Cette érosion a commencé bien avant Trump. La signature de l’ALENA par Bill Clinton a durement frappé les bassins industriels, et les communautés industrielles à travers le pays ont perdu des emplois tout au long de sa présidence. Les électeurs de la classe ouvrière se souviennent de l’ALENA. Ils se souviennent qu’Hillary Clinton les avait qualifiés de « déplorables » en 2016. Chaque insulte confirmait ce qu’ils soupçonnaient déjà : le parti était passé à autre chose sans eux.

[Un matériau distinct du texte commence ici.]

(* u is the (two-sided) inverse of x in Q; x \in Q^x iff such u exists *)
Definition is_inverse (Q : pzRingType) (u x : Q) : Prop := u * x = 1 /\ x * u = 1.

Definition subring_closedP (Q : pzRingType) (P : Q -> Prop) : Prop :=
  [/\ P 0, P 1, forall x y, P x -> P y -> P (x - y)
    & forall x y, P x -> P y -> P (x * y)].

Definition ring_generated_by (Q : pzRingType) (G : Q -> Prop) : Prop :=
  forall P : Q -> Prop, subring_closedP P -> (forall x, G x -> P x) ->
    forall q, P q.

Definition left_ore (A : pzRingType) (T : A -> Prop) : Prop :=
  mult_set T /\
  forall (r s : A), T s -> exists (s' r' : A), T s' /\ s' * r = r' * s.

Definition right_ore (A : pzRingType) (T : A -> Prop) : Prop :=
  mult_set T /\
  forall (r s : A), T s -> exists (s' r' : A), T s' /\ r * s' = s * r'.

Definition left_den (A : pzRingType) (T : A -> Prop) : Prop :=
  left_ore T /\
  forall (r s : A), T s -> r * s = 0 -> exists t, T t /\ t * r = 0.

Definition right_den (A : pzRingType) (T : A -> Prop) : Prop :=
  right_ore T /\
  forall (r s : A), T s -> s * r = 0 -> exists t, T t /\ r * t = 0.

Definition den (A : pzRingType) (T : A -> Prop) : Prop :=
  left_den T /\ right_den T.

Inductive lstar : Type := star_l | star_empty.

Definition Den (st : lstar) (A : pzRingType) (T : A -> Prop) : Prop :=
  (match st with star_l => left_den T | star_empty => den T end) /\
  (forall s, T s -> GRing.lreg s /\ GRing.rreg s).

(* ---------- the usual (Ore) localization T^{-1}A ----------
   sigma : A -> Q is a left ring of fractions of A w.r.t. T
   (Q "is" T^{-1}A with its canonical map sigma):
   sigma(T) consists of units, every element is sigma(t)^{-1} sigma(a),
   and ker sigma = {a | t a = 0 for some t \in T}. *)
Definition left_fractions (A Q : pzRingType) (T : A -> Prop)
  (sigma : {rmorphism A -> Q}) : Prop :=
  [/\ forall t, T t -> exists u, is_inverse u (sigma t),
      forall q, exists t a u, [/\ T t, is_inverse u (sigma t) & q = u * sigma a]
    & forall a, sigma a = 0 <-> exists t, T t /\ t * a = 0].

(* ---------- universal localization R<S^{-1}> = R<X_S>/I_S ----------
   Terms of the ring generated by R and noncommuting indeterminates x_s
   (s \in S); [req] is the ring congruence generated by the ring axioms,
   the relations of R (tC is a ring morphism), and s x_s = 1 = x_s s.
   The quotient of rterm by req is R<S^{-1}>. *)
Inductive rterm (R : Type) (S : R -> Prop) : Type :=
| tC of R
| tX of {s : R | S s}
| t0
| t1
| tAdd of rterm S & rterm S
| tOpp of rterm S
| tMul of rterm S & rterm S.

Arguments tC {R S}.
Arguments tX {R S}.
Arguments t0 {R S}.
Arguments t1 {R S}.
Arguments tAdd {R S}.
Arguments tOpp {R S}.
Arguments tMul {R S}.

Inductive req (R : pzRingType) (S : R -> Prop) : rterm S -> rterm S -> Prop :=
| req_refl t : req t t
| req_sym t u : req t u -> req u t
| req_trans t u v : req t u -> req u v -> req t v
| req_add t t' u u' : req t t' -> req u u' -> req (tAdd t u) (tAdd t' u')
| req_opp t t' : req t t' -> req (tOpp t) (tOpp t')
| req_mul t t' u u' : req t t' -> req u u' -> req (tMul t u) (tMul t' u')
| req_addA t u v : req (tAdd t (tAdd u v)) (tAdd (tAdd t u) v)
| req_addC t u : req (tAdd t u) (tAdd u t)
| req_add0 t : req (tAdd t0 t) t
| req_addN t : req (tAdd (tOpp t) t) t0
| req_mulA t u v : req (tMul t (tMul u v)) (tMul (tMul t u) v)
| req_mul1l t : req (tMul t1 t) t
| req_mul1r t : req (tMul t t1) t
| req_mulDl t u v : req (tMul (tAdd t u) v) (tAdd (tMul t v) (tMul u v))
| req_mulDr t u v : req (tMul t (tAdd u v)) (tAdd (tMul t u) (tMul t v))
| req_C0 : req (tC 0) t0
| req_C1 : req (tC 1) t1
| req_CD a b : req (tC (a + b)) (tAdd (tC a) (tC b))
| req_CN a : req (tC (- a)) (tOpp (tC a))
| req_CM a b : req (tC (a * b)) (tMul (tC a) (tC b))
| req_sx (s : {s : R | S s}) : req (tMul (tC (sval s)) (tX s)) t1
| req_xs (s : {s : R | S s}) : req (tMul (tX s) (tC (sval s))) t1.

Definition ass (R : pzRingType) (S : R -> Prop) (r : R) : Prop :=
  req (tC r : rterm S) t0.

Definition uloc_nonzero (R : pzRingType) (S : R -> Prop) : Prop :=
  ~ req (t1 : rterm S) t0.

Definition left_localizable (R : pzRingType) (S : R -> Prop) : Prop :=
  [/\ mult_set S, uloc_nonzero S &
      forall t : rterm S, exists s r, req t (tMul (tX s) (tC r))].

Definition right_localizable (R : pzRingType) (S : R -> Prop) : Prop :=
  [/\ mult_set S, uloc_nonzero S &
      forall t : rterm S, exists s r, req t (tMul (tC r) (tX s))].

Definition in_L (st : lstar) (R : pzRingType) (S : R -> Prop) (a : R -> Prop) : Prop :=
  (match st with
   | star_l => left_localizable S
   | star_empty => left_localizable S /\ right_localizable S end) /\
  (forall r, a r <-> ass S r).
(* Let $r\in\mathbb{R}$. For all integers $n,m,k\ge 0$ with $n\ge m+k$, \[ \binom{m+k}{m} S_{2,r}(n,m+k) = \sum_{n_1=m}^n \sum_{l=0}^m \sum_{j=0}^k \binom{n_1}{l}\binom{n-n_1}{j}\binom{n}{n_1} r^{l+j} S_2(n_1-l,m-l)\, S_2(n-n_1-j,k-j). \]
   Context: $S_2(n,k)$ denotes the Stirling numbers of the second kind, $\frac{1}{k!}(e^t-1)^k = \sum_{n\ge k} S_2(n,k)\frac{t^n}{n!}$, with $S_2(a,b)=0$ whenever $a<b$, and $\binom{a}{b}=0$ for $b>a$. For $r\in\mathbb{R}$ and integer $k\ge 0$, the extended Stirling numbers of the second kind $S_{2,r}(n,k)$ are defined by $\frac{1}{k!}(e^t-1+rt)^k = \sum_{n=k}^\infty S_{2,r}(n,k)\frac{t^n}{n!}$. *)

(* Formal power series with coefficients in a field R are
   represented as coefficient functions nat -> R. *)
From mathcomp Require Import all_boot all_order all_algebra.
Set Implicit Arguments. Unset Strict Implicit. Unset Printing Implicit Defensive.
Import Order.TTheory GRing.Theory Num.Theory.
Local Open Scope ring_scope.

Definition fps_mul (R : ringType) (f g : nat -> R) : nat -> R :=
  fun n => \sum_(i < n.+1) f i * g (n - i)%N.

Definition fps_one (R : ringType) : nat -> R := fun n => (n == 0)%:R.

Definition fps_pow (R : ringType) (f : nat -> R) (k : nat) : nat -> R :=
  iter k (fps_mul f) (@fps_one R).

(* coefficients of e^t - 1 + r t *)
Definition expm1_rt (R : fieldType) (r : R) : nat -> R :=
  fun i => (i != 0%N)%:R / (i`!)%:R + (i == 1%N)%:R * r.

(* extended Stirling numbers of the second kind:
   (1/k!) (e^t - 1 + r t)^k = sum_n S_{2,r}(n,k) t^n / n! *)
Definition S2r (R : fieldType) (r : R) (n k : nat) : R :=
  (n`!)%:R / (k`!)%:R * fps_pow (expm1_rt r) k n.

Definition S2 (R : fieldType) (n k : nat) : R := S2r (0 : R) n k.

(* Since (e^t - 1 + r t)^(m+k) = (e^t - 1 + r t)^m (e^t - 1 + r t)^k, the
   exponential coefficients S_{2,r}(n, m+k) are a binomial convolution of those
   of the two factors, in which the terms with n1 < m vanish.  Expanding
   (e^t - 1 + r t)^j by the binomial theorem in r t then expresses each
   S_{2,r}(n1, j) through ordinary Stirling numbers.  The coefficients of degree
   at most n of these series are computed in {poly R}, after truncating
   e^t - 1 + r t at some degree N > n. *)
From mathcomp Require Import all_boot all_order all_algebra.
From mathcomp Require Import ring zify.
Import Order.TTheory GRing.Theory Num.Theory.
Set Implicit Arguments. Unset Strict Implicit. Unset Printing Implicit Defensive.
Local Open Scope ring_scope.

Lemma coef_fps_pow (R : nzRingType) (f : nat -> R) (N k i : nat) : (i < N)%N ->
  fps_pow f k i = ((\poly_(j < N) f j) ^+ k)`_i.
Proof.
elim: k i => [|k IHk] i ltiN; first by rewrite /fps_pow /= /fps_one expr0 coef1.
rewrite /fps_pow iterS -/(fps_pow f k) exprS coefM /fps_mul.
apply: eq_bigr => j _.
have ltjN : (j < N)%N := leq_ltn_trans (ltnSE (ltn_ord j)) ltiN.
by rewrite coef_poly ltjN IHk // (leq_ltn_trans (leq_subr j i) ltiN).
Qed.

Lemma coef_expr_small (R : nzRingType) (p : {poly R}) (m i : nat) :
  p`_0 = 0 -> (i < m)%N -> (p ^+ m)`_i = 0.
Proof.
move=> p0; elim: m i => [|m IHm] i // ltim.
rewrite exprS coefM big1 // => -[[|j] ltji] _; first by rewrite p0 mul0r.
by rewrite IHm ?mulr0 //=; lia.
Qed.

Definition expm1_rt_poly (R : fieldType) (r : R) (N : nat) : {poly R} :=
  \poly_(j < N) expm1_rt r j.

Lemma expm1_rt_polyE (R : fieldType) (r : R) (N : nat) : (1 < N)%N ->
  expm1_rt_poly r N = expm1_rt_poly 0 N + r *: 'X.
Proof.
move=> ltN1; apply/polyP => i.
rewrite coefD coefZ coefX !coef_poly /expm1_rt.
case: (ltnP i N) => [_|leNi]; first by rewrite mulr0 addr0 [r * _]mulrC.
by rewrite gtn_eqF ?mulr0 ?addr0 //; exact: leq_trans ltN1 leNi.
Qed.

Lemma coef0_expm1_rt_poly (R : fieldType) (r : R) (N : nat) :
  (expm1_rt_poly r N)`_0 = 0.
Proof. by rewrite coef_poly /expm1_rt; case: ifP => //; rewrite !mul0r addr0. Qed.

Lemma S2r_poly (R : fieldType) (r : R) (N n k : nat) : (n < N)%N ->
  S2r r n k = (n`!)%:R / (k`!)%:R * ((expm1_rt_poly r N) ^+ k)`_n.
Proof. by move=> ltnN; rewrite /S2r (coef_fps_pow _ _ ltnN). Qed.

Lemma S2r_small (R : fieldType) (r : R) (n k : nat) : (n < k)%N -> S2r r n k = 0.
Proof.
move=> ltnk; rewrite (S2r_poly _ _ (ltnSn n)).
by rewrite coef_expr_small ?coef0_expm1_rt_poly ?mulr0.
Qed.

Section CharZero.

Variable R : numFieldType.

Lemma natr_fact_neq0 (n : nat) : (n`!)%:R != 0 :> R.
Proof. by rewrite pnatr_eq0 -lt0n fact_gt0. Qed.

Lemma natr_bin_fact (n i : nat) : (i <= n)%N ->
  ('C(n, i))%:R = (n`!)%:R / ((i`!)%:R * ((n - i)`!)%:R) :> R.
Proof.
move=> lein; rewrite -(bin_fact lein) !natrM mulfK //.
by rewrite mulf_neq0 ?natr_fact_neq0.
Qed.

Lemma S2r_binomial (r : R) (n k : nat) :
  S2r r n k = \sum_(l < k.+1) ('C(n, l))%:R * r ^+ l * S2 R (n - l) (k - l).
Proof.
rewrite (S2r_poly _ _ (leqnSn n.+1)) expm1_rt_polyE // exprDn coef_sum mulr_sumr.
apply: eq_bigr => -[l /=]; rewrite ltnS => lelk _.
rewrite coefMn exprZn -scalerAr coefZ coefMXn.
have ltnl2 : (n - l < n.+2)%N by lia.
rewrite /S2 (S2r_poly _ _ ltnl2).
case: (ltnP n l) => [ltnl|leln].
  by rewrite mulr0 mul0rn mulr0 (bin_small ltnl) !mul0r.
rewrite -[_ *+ 'C(k, l)]mulr_natr (natr_bin_fact lelk) (natr_bin_fact leln).
by field; rewrite !natr_fact_neq0.
Qed.

Lemma S2r_convolution (r : R) (n m k : nat) :
  ('C(m + k, m))%:R * S2r r n (m + k) =
  \sum_(0 <= i < n.+1) ('C(n, i))%:R * (S2r r i m * S2r r (n - i) k).
Proof.
rewrite big_mkord (S2r_poly _ _ (leqnSn n.+1)) exprD coefM !mulr_sumr.
apply: eq_bigr => -[i /=]; rewrite ltnS => lein _.
have ltin2 : (i < n.+2)%N by lia.
have ltni2 : (n - i < n.+2)%N by lia.
rewrite (S2r_poly _ _ ltin2) (S2r_poly _ _ ltni2).
rewrite (natr_bin_fact lein) (natr_bin_fact (leq_addr k m)) addKn.
by field; rewrite !natr_fact_neq0.
Qed.

End CharZero.

Theorem mainTheorem6 (R : realFieldType) (r : R) (n m k : nat)
  (hn : (m + k <= n)%N) :
  ('C(m + k, m))%:R * S2r r n (m + k) =
  \sum_(m <= n1 < n.+1) \sum_(l < m.+1) \sum_(j < k.+1)
    ('C(n1, l))%:R * ('C(n - n1, j))%:R * ('C(n, n1))%:R * r ^+ (l + j)
      * S2 R (n1 - l) (m - l) * S2 R (n - n1 - j) (k - j).
Proof.
rewrite S2r_convolution (@big_cat_nat _ _ _ m) //=; last by lia.
rewrite big_nat_cond big1 => [|i /andP[/andP[_ ltim] _]]; last first.
  by rewrite S2r_small ?mul0r ?mulr0.
rewrite add0r; apply: eq_bigr => i _.
rewrite !S2r_binomial big_distrl mulr_sumr; apply: eq_bigr => l _.
rewrite big_distrr mulr_sumr; apply: eq_bigr => j _.
by rewrite /= exprD; ring.
Qed.
(* Let $L\in\mathcal{N}$ and assume that $L$ is isomorphic to a sublattice of a free lattice. Assume that $K$ is a sublattice of $L$ and $a\in L$ is an element such that $a\parallel b$ for all $b\in K$. Then $$\mathrm{Dec}(K)\le \bigl|\{a\vee b: b\in K\}\times\{a\wedge b: b\in K\}\bigr|.$$
   Context: $\mathcal{N}$ denotes the variety of lattices generated by the pentagon $N_5$. For elements $x,y$, $x\parallel y$ means neither $x\le y$ nor $y\le x$. A subset $S$ of a lattice $K$ is convex if $x,z\in S$, $y\in K$, $x\le y\le z$ imply $y\in S$; a convex distributive sublattice of $K$ is a sublattice of $K$ that is convex and is a distributive lattice. A set partition $\mathcal{F}$ of the set of elements of $K$ is called distributive if every $F\in\mathcal{F}$ is a convex distributive sublattice of $K$, and for all distinct $F_1,F_2\in\mathcal{F}$, either $F_1\cup F_2$ is not a sublattice of $K$, or $F_1\cup F_2$ is not a convex subset of $K$, or $F_1\cup F_2$ is a convex distributive sublattice of $K$. $\mathrm{Dec}(K)$ is the minimum cardinality of a distributive partition of $K$. *)

From HB Require Import structures.
From mathcomp Require Import all_boot all_order.
Set Implicit Arguments. Unset Strict Implicit. Unset Printing Implicit Defensive.
Import Order.TTheory.
Local Open Scope order_scope.

Inductive lterm (X : Type) : Type :=
  | LVar of X
  | LJoin of lterm X & lterm X
  | LMeet of lterm X & lterm X.

Fixpoint teval (X T : Type) (j m : T -> T -> T) (v : X -> T) (t : lterm X) : T :=
  match t with
  | LVar x => v x
  | LJoin t1 t2 => j (teval j m v t1) (teval j m v t2)
  | LMeet t1 t2 => m (teval j m v t1) (teval j m v t2)
  end.

Definition lat_eval (d : Order.disp_t) (M : latticeType d) (X : Type)
  (v : X -> M) (t : lterm X) : M := teval (@Order.join d M) (@Order.meet d M) v t.

Inductive n5 : Type := N0 | Na | Nb | Nc | N1.

Definition n5_le (x y : n5) : bool :=
  match x, y with
  | N0, _ => true
  | _, N1 => true
  | Na, Na | Na, Nc => true
  | Nb, Nb => true
  | Nc, Nc => true
  | _, _ => false
  end.

Definition n5_join (x y : n5) : n5 :=
  if n5_le x y then y else if n5_le y x then x else N1.
Definition n5_meet (x y : n5) : n5 :=
  if n5_le x y then x else if n5_le y x then y else N0.

(* L belongs to the variety N generated by N5: L satisfies every lattice
   identity (in countably many variables) that holds in N5. *)
Definition in_variety_N (d : Order.disp_t) (L : latticeType d) : Prop :=
  forall t s : lterm nat,
    (forall v : nat -> n5, teval n5_join n5_meet v t = teval n5_join n5_meet v s) ->
    forall v : nat -> L, lat_eval v t = lat_eval v s.

(* Two terms over X are equal in the free lattice FL(X) iff the identity
   t = s holds in every lattice. *)
Definition free_eq (X : Type) (t s : lterm X) : Prop :=
  forall (d : Order.disp_t) (M : latticeType d) (v : X -> M),
    lat_eval v t = lat_eval v s.

(* L is isomorphic to a sublattice of a free lattice FL(X): there is an
   injective lattice homomorphism L -> FL(X) (FL(X) = terms modulo free_eq). *)
Definition embeds_in_free_lattice (d : Order.disp_t) (L : latticeType d) : Prop :=
  exists (X : Type) (f : L -> lterm X),
    [/\ forall x y : L, free_eq (f (x `|` y)) (LJoin (f x) (f y)),
        forall x y : L, free_eq (f (x `&` y)) (LMeet (f x) (f y)) &
        forall x y : L, free_eq (f x) (f y) -> x = y].

Section Sub.
Context (d : Order.disp_t) (L : latticeType d).

Definition is_sublattice (S : L -> Prop) : Prop :=
  forall x y, S x -> S y -> S (x `|` y) /\ S (x `&` y).

Definition is_convex_in (K S : L -> Prop) : Prop :=
  forall x y z, S x -> S z -> K y -> x <= y -> y <= z -> S y.

Definition is_distributive_set (S : L -> Prop) : Prop :=
  forall x y z, S x -> S y -> S z -> x `&` (y `|` z) = (x `&` y) `|` (x `&` z).

Definition convex_distributive_sublattice (K S : L -> Prop) : Prop :=
  [/\ (forall x, S x -> K x), is_sublattice S, is_convex_in K S &
      is_distributive_set S].

Definition distributive_partition (K : L -> Prop) (F : (L -> Prop) -> Prop) : Prop :=
  [/\
      (forall B, F B -> exists x, B x),
      (forall B1 B2 x, F B1 -> F B2 -> B1 x -> B2 x -> B1 = B2),
      (forall x, K x -> exists2 B, F B & B x),
      (forall B, F B -> convex_distributive_sublattice K B) &
      (forall B1 B2, F B1 -> F B2 -> B1 <> B2 ->
         let U := fun x => B1 x \/ B2 x in
         is_sublattice U -> is_convex_in K U ->
         convex_distributive_sublattice K U)].

(* Dec(K) <= |S| for a set S : A -> Prop: some distributive partition of K
   admits an injection of its set of blocks into S. *)
Definition Dec_le (A : Type) (K : L -> Prop) (S : A -> Prop) : Prop :=
  exists (F : (L -> Prop) -> Prop) (g : (L -> Prop) -> A),
    [/\ distributive_partition K F,
        (forall B, F B -> S (g B)) &
        (forall B1 B2, F B1 -> F B2 -> g B1 = g B2 -> B1 = B2)].

End Sub.

From HB Require Import structures.
From mathcomp Require Import all_boot all_order.
From Stdlib Require Import ClassicalEpsilon.
Set Implicit Arguments. Unset Strict Implicit. Unset Printing Implicit Defensive.
Import Order.TTheory.
Local Open Scope order_scope.

(* Fix [a] and send [b] to the pair [(a `|` b, a `&` b)]. This map is monotone,
   and in the variety N it has the semidistributivity property: elements with
   the same image have joins and meets with that image. So its fibers in [K]
   are convex sublattices. A sublattice on which the map takes only two
   comparable values is distributive, by four inequalities valid in N5; this
   covers single fibers, and also a union of two fibers that is a sublattice,
   since the join of an element of each lies in one of them and so makes the
   two images comparable. The blocks are labelled injectively by their images. *)

Section JoinMeetPair.
Context (d : Order.disp_t) (L : latticeType d).

Lemma meetUr_ge (x y z : L) : (x `&` y) `|` (x `&` z) <= x `&` (y `|` z).
Proof. by rewrite leUx !leI2 ?leUl ?leUr. Qed.

Definition joinmeet (a b : L) : L * L := (a `|` b, a `&` b).

Definition pair_le (p q : L * L) : bool := (p.1 <= q.1) && (p.2 <= q.2).

Lemma pair_le_refl (p : L * L) : pair_le p p.
Proof. by rewrite /pair_le !lexx. Qed.

Lemma pair_le_anti (p q : L * L) : pair_le p q -> pair_le q p -> p = q.
Proof.
case: p q => [p1 p2] [q1 q2] /andP[/= le1 le2] /andP[/= ge1 ge2].
by rewrite (@le_anti _ _ p1 q1) ?le1 ?ge1 // (@le_anti _ _ p2 q2) ?le2 ?ge2.
Qed.

Lemma le_joinmeet (a x y : L) : x <= y -> pair_le (joinmeet a x) (joinmeet a y).
Proof. by move=> le_xy; rewrite /pair_le leU2 ?leI2. Qed.

Definition distr_witness (a x y z W V : L) : bool :=
  x `&` (y `|` z) `&` (W `|` a) <= ((x `&` y) `|` (x `&` z)) `|` (V `&` a).

Lemma le_distr_of_witness (a x y z W V : L) :
  distr_witness a x y z W V ->
  pair_le (joinmeet a (x `&` (y `|` z))) (joinmeet a W) ->
  pair_le (joinmeet a V) (joinmeet a ((x `&` y) `|` (x `&` z))) ->
  x `&` (y `|` z) <= (x `&` y) `|` (x `&` z).
Proof.
rewrite /distr_witness => wit /andP[/= joinW _] /andP[_ /= meetV].
have <- : x `&` (y `|` z) `&` (W `|` a) = x `&` (y `|` z).
  by apply/meet_idPl; rewrite [W `|` a]joinC (le_trans _ joinW) ?leUr.
have <- : (x `&` y) `|` (x `&` z) `|` (V `&` a) = (x `&` y) `|` (x `&` z).
  by apply/join_idPl; rewrite [V `&` a]meetC (le_trans meetV) ?leIr.
exact: wit.
Qed.

End JoinMeetPair.

Ltac check_in_N5 :=
  let v := fresh "v" in
  move=> v /=; case: (v 0); case: (v 1); case: (v 2); case: (v 3); reflexivity.

Section VarietyN.
Context (d : Order.disp_t) (L : latticeType d) (HN : in_variety_N L).

Definition valuation4 (x y z a : L) : nat -> L :=
  fun n => match n with 0 => x | 1 => y | 2 => z | _ => a end.

Notation X := (LVar 0).
Notation Y := (LVar 1).
Notation Z := (LVar 2).
Notation A := (LVar 3).

Lemma N_meet_sd_law (a y z : L) :
  a `&` (y `|` z) = a `&` (y `|` (a `&` (z `|` (a `&` y)))).
Proof.
apply: (@HN (LMeet A (LJoin Y Z)) (LMeet A (LJoin Y (LMeet A (LJoin Z (LMeet A Y)))))
           _ (valuation4 a y z a)); check_in_N5.
Qed.

Lemma N_join_sd_law (a y z : L) :
  a `|` (y `&` z) = a `|` (y `&` (a `|` (z `&` (a `|` y)))).
Proof.
apply: (@HN (LJoin A (LMeet Y Z)) (LJoin A (LMeet Y (LJoin A (LMeet Z (LJoin A Y)))))
           _ (valuation4 a y z a)); check_in_N5.
Qed.

Lemma meet_semidistr (a x y : L) : a `&` x = a `&` y -> a `&` (x `|` y) = a `&` x.
Proof. by move=> axy; rewrite N_meet_sd_law axy meetKUC -axy meetKUC. Qed.

Lemma join_semidistr (a x y : L) : a `|` x = a `|` y -> a `|` (x `&` y) = a `|` x.
Proof. by move=> axy; rewrite N_join_sd_law axy joinKIC -axy joinKIC. Qed.

Lemma joinmeetU (a x y : L) :
  joinmeet a x = joinmeet a y -> joinmeet a (x `|` y) = joinmeet a x.
Proof.
case=> ax ay; rewrite /joinmeet meet_semidistr //.
by rewrite joinA ax -joinA joinxx.
Qed.

Lemma joinmeetI (a x y : L) :
  joinmeet a x = joinmeet a y -> joinmeet a (x `&` y) = joinmeet a x.
Proof.
case=> ax ay; rewrite /joinmeet join_semidistr //.
by rewrite meetA ay -meetA meetxx.
Qed.

Notation LHS := (LMeet X (LJoin Y Z)).
Notation RHS := (LJoin (LMeet X Y) (LMeet X Z)).

Lemma N_distr_witness (W V : lterm nat) (x y z a : L) :
  (forall v : nat -> n5,
     teval n5_join n5_meet v (LMeet (LMeet LHS (LJoin W A)) (LJoin RHS (LMeet V A))) =
     teval n5_join n5_meet v (LMeet LHS (LJoin W A))) ->
  distr_witness a x y z (lat_eval (valuation4 x y z a) W)
                        (lat_eval (valuation4 x y z a) V).
Proof. by move=> N5law; apply/meet_idPl; exact: (HN N5law (valuation4 x y z a)). Qed.

Lemma N_witness_meetxy_joinxz (x y z a : L) :
  distr_witness a x y z (x `&` y) (x `|` z).
Proof. by refine (@N_distr_witness (LMeet X Y) (LJoin X Z) x y z a _); check_in_N5. Qed.

Lemma N_witness_meetxz_joinxy (x y z a : L) :
  distr_witness a x y z (x `&` z) (x `|` y).
Proof.
move: (N_witness_meetxy_joinxz x z y a).
by rewrite /distr_witness joinC [_ `|` (x `&` y)]joinC.
Qed.

Lemma N_witness_meetyz_x (x y z a : L) : distr_witness a x y z (y `&` z) x.
Proof. by refine (@N_distr_witness (LMeet Y Z) X x y z a _); check_in_N5. Qed.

Le terrain de campagne qui n’a pas existé

L’autopsie de RootsAction a documenté des défaillances opérationnelles à la hauteur des défaillances stratégiques. Harris a perdu 6,8 millions de votants qui avaient soutenu Biden en 2020. À Philadelphie, des organisateurs de campagne ont rapporté avoir reçu comme instruction de ne pas mener de travail de mobilisation des électeurs dans les quartiers noirs et latinos, comme assister à des événements communautaires, inscrire de nouveaux électeurs ou tisser des liens avec les leaders locaux. Un groupe de collaborateurs a fini par agir de façon autonome lors d’un sprint de dernière minute, mais il était trop tard.

Malgré des mois de séduction des républicains, la campagne a obtenu la même infime part des votes républicains qu’en 2020. La stratégie consistant à courtiser les républicains de la frange Cheney tout en négligeant la base démocrate constituait, à tout examen, une erreur de calcul catastrophique.

L’autopsie enterrée

Après 2016, le Comité national démocrate a commandé un bilan. Il n’a jamais été publié. Après 2024, le président du Comité Ken Martin a promis que la nouvelle autopsie serait rendue publique. « Bien sûr qu’elle sera publiée », a-t-il déclaré en février 2025. « Il faut tirer des leçons. »

En décembre 2025, le Comité national démocrate a confirmé qu’il ne publierait pas le rapport finalisé. L’explication de Martin : sa publication risquait de « distraire » des efforts pour gagner. Deux défaites catastrophiques, deux autopsies enterrées. Ce schéma n’est pas de la prudence. C’est un refus institutionnel d’affronter l’échec.

La leçon inconfortable

Rien de tout cela n’est un soutien à Trump, dont les politiques tarifaires ont depuis fait grimper les prix mêmes qu’il avait promis de baisser. Le propos est plus simple et plus inconfortable : des gens qui peinent à payer leurs courses ne s’intéressent pas à votre Théorie de la Démocratie. Ils ne s’intéressent pas à votre arithmétique de coalition ni à vos sondages sur les messages de « menace pour l’autoritarisme ». Ils s’intéressent aux œufs.

Se moquer de cette préoccupation, la traiter de manque de sophistication ou l’enfouir sous des couches de défensivité institutionnelle n’est pas de l’analyse. C’est la raison pour laquelle les démocrates continuent de perdre les gens qu’ils prétendent représenter.

Sanders l’avait vu. Le super PAC du parti l’avait vu. Les données le criaient. La question est de savoir si quelqu’un disposant du pouvoir au sein du Parti démocrate est prêt à l’entendre avant 2028.